WORK REQUEST
A verbatim copy of every record is needed.

== DATA FOR ANALYSIS

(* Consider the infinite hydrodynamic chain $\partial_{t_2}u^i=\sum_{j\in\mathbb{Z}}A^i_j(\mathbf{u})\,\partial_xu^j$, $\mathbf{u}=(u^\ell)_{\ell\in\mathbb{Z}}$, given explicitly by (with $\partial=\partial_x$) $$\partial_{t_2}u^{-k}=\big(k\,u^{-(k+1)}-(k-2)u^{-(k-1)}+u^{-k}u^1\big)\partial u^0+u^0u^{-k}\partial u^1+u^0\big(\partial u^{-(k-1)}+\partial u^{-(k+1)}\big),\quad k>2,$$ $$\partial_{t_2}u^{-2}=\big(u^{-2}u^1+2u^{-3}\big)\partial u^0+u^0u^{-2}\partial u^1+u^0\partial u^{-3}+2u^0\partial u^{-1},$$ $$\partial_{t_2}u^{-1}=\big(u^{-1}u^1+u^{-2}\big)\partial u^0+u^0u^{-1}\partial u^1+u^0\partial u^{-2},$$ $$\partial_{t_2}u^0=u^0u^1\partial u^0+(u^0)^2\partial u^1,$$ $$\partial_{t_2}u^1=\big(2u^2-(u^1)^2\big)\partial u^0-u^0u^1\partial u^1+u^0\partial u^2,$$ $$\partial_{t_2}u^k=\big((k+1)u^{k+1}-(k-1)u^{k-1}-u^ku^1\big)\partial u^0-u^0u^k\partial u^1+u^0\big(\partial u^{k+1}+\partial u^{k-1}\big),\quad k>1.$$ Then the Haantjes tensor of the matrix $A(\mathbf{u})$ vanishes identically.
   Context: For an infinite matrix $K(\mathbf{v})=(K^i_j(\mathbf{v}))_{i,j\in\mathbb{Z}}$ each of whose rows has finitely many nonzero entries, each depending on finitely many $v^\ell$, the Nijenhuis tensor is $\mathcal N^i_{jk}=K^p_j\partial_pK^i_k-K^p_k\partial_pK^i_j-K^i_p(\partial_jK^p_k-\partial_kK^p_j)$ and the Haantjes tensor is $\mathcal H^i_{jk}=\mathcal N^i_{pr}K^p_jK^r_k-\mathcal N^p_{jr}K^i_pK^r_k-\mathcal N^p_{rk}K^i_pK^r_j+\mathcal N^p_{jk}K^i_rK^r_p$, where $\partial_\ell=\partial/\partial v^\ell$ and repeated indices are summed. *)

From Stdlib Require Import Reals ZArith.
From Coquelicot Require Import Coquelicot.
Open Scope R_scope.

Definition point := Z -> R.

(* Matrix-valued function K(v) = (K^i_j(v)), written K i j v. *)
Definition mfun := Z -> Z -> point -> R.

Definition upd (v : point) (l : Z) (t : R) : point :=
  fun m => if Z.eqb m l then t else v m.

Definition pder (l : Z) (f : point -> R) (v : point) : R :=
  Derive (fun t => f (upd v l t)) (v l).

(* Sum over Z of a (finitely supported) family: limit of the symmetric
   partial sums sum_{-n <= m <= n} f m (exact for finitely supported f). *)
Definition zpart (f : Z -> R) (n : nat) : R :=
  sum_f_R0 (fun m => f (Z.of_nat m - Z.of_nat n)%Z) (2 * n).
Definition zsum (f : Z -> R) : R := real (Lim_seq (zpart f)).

====

SOLVED PROBLEM
(* Consider the infinite hydrodynamic chain $\partial_{t_2}u^i=\sum_{j\in\mathbb{Z}}A^i_j(\mathbf{u})\,\partial_xu^j$, $\mathbf{u}=(u^\ell)_{\ell\in\mathbb{Z}}$, given explicitly by (with $\partial=\partial_x$) $$\partial_{t_2}u^{-k}=\big(k\,u^{-(k+1)}-(k-2)u^{-(k-1)}+u^{-k}u^1\big)\partial u^0+u^0u^{-k}\partial u^1+u^0\big(\partial u^{-(k-1)}+\partial u^{-(k+1)}\big),\quad k>2,$$ $$\partial_{t_2}u^{-2}=\big(u^{-2}u^1+2u^{-3}\big)\partial u^0+u^0u^{-2}\partial u^1+u^0\partial u^{-3}+2u^0\partial u^{-1},$$ $$\partial_{t_2}u^{-1}=\big(u^{-1}u^1+u^{-2}\big)\partial u^0+u^0u^{-1}\partial u^1+u^0\partial u^{-2},$$ $$\partial_{t_2}u^0=u^0u^1\partial u^0+(u^0)^2\partial u^1,$$ $$\partial_{t_2}u^1=\big(2u^2-(u^1)^2\big)\partial u^0-u^0u^1\partial u^1+u^0\partial u^2,$$ $$\partial_{t_2}u^k=\big((k+1)u^{k+1}-(k-1)u^{k-1}-u^ku^1\big)\partial u^0-u^0u^k\partial u^1+u^0\big(\partial u^{k+1}+\partial u^{k-1}\big),\quad k>1.$$ Then the Haantjes tensor of the matrix $A(\mathbf{u})$ vanishes identically.
   Context: For an infinite matrix $K(\mathbf{v})=(K^i_j(\mathbf{v}))_{i,j\in\mathbb{Z}}$ each of whose rows has finitely many nonzero entries, each depending on finitely many $v^\ell$, the Nijenhuis tensor is $\mathcal N^i_{jk}=K^p_j\partial_pK^i_k-K^p_k\partial_pK^i_j-K^i_p(\partial_jK^p_k-\partial_kK^p_j)$ and the Haantjes tensor is $\mathcal H^i_{jk}=\mathcal N^i_{pr}K^p_jK^r_k-\mathcal N^p_{jr}K^i_pK^r_k-\mathcal N^p_{rk}K^i_pK^r_j+\mathcal N^p_{jk}K^i_rK^r_p$, where $\partial_\ell=\partial/\partial v^\ell$ and repeated indices are summed. *)

From Stdlib Require Import Reals ZArith.
From Coquelicot Require Import Coquelicot.
Open Scope R_scope.

Definition point := Z -> R.

(* Matrix-valued function K(v) = (K^i_j(v)), written K i j v. *)
Definition mfun := Z -> Z -> point -> R.

Definition upd (v : point) (l : Z) (t : R) : point :=
  fun m => if Z.eqb m l then t else v m.

Definition pder (l : Z) (f : point -> R) (v : point) : R :=
  Derive (fun t => f (upd v l t)) (v l).

(* Sum over Z of a (finitely supported) family: limit of the symmetric
   partial sums sum_{-n <= m <= n} f m (exact for finitely supported f). *)
Definition zpart (f : Z -> R) (n : nat) : R :=
  sum_f_R0 (fun m => f (Z.of_nat m - Z.of_nat n)%Z) (2 * n).
Definition zsum (f : Z -> R) : R := real (Lim_seq (zpart f)).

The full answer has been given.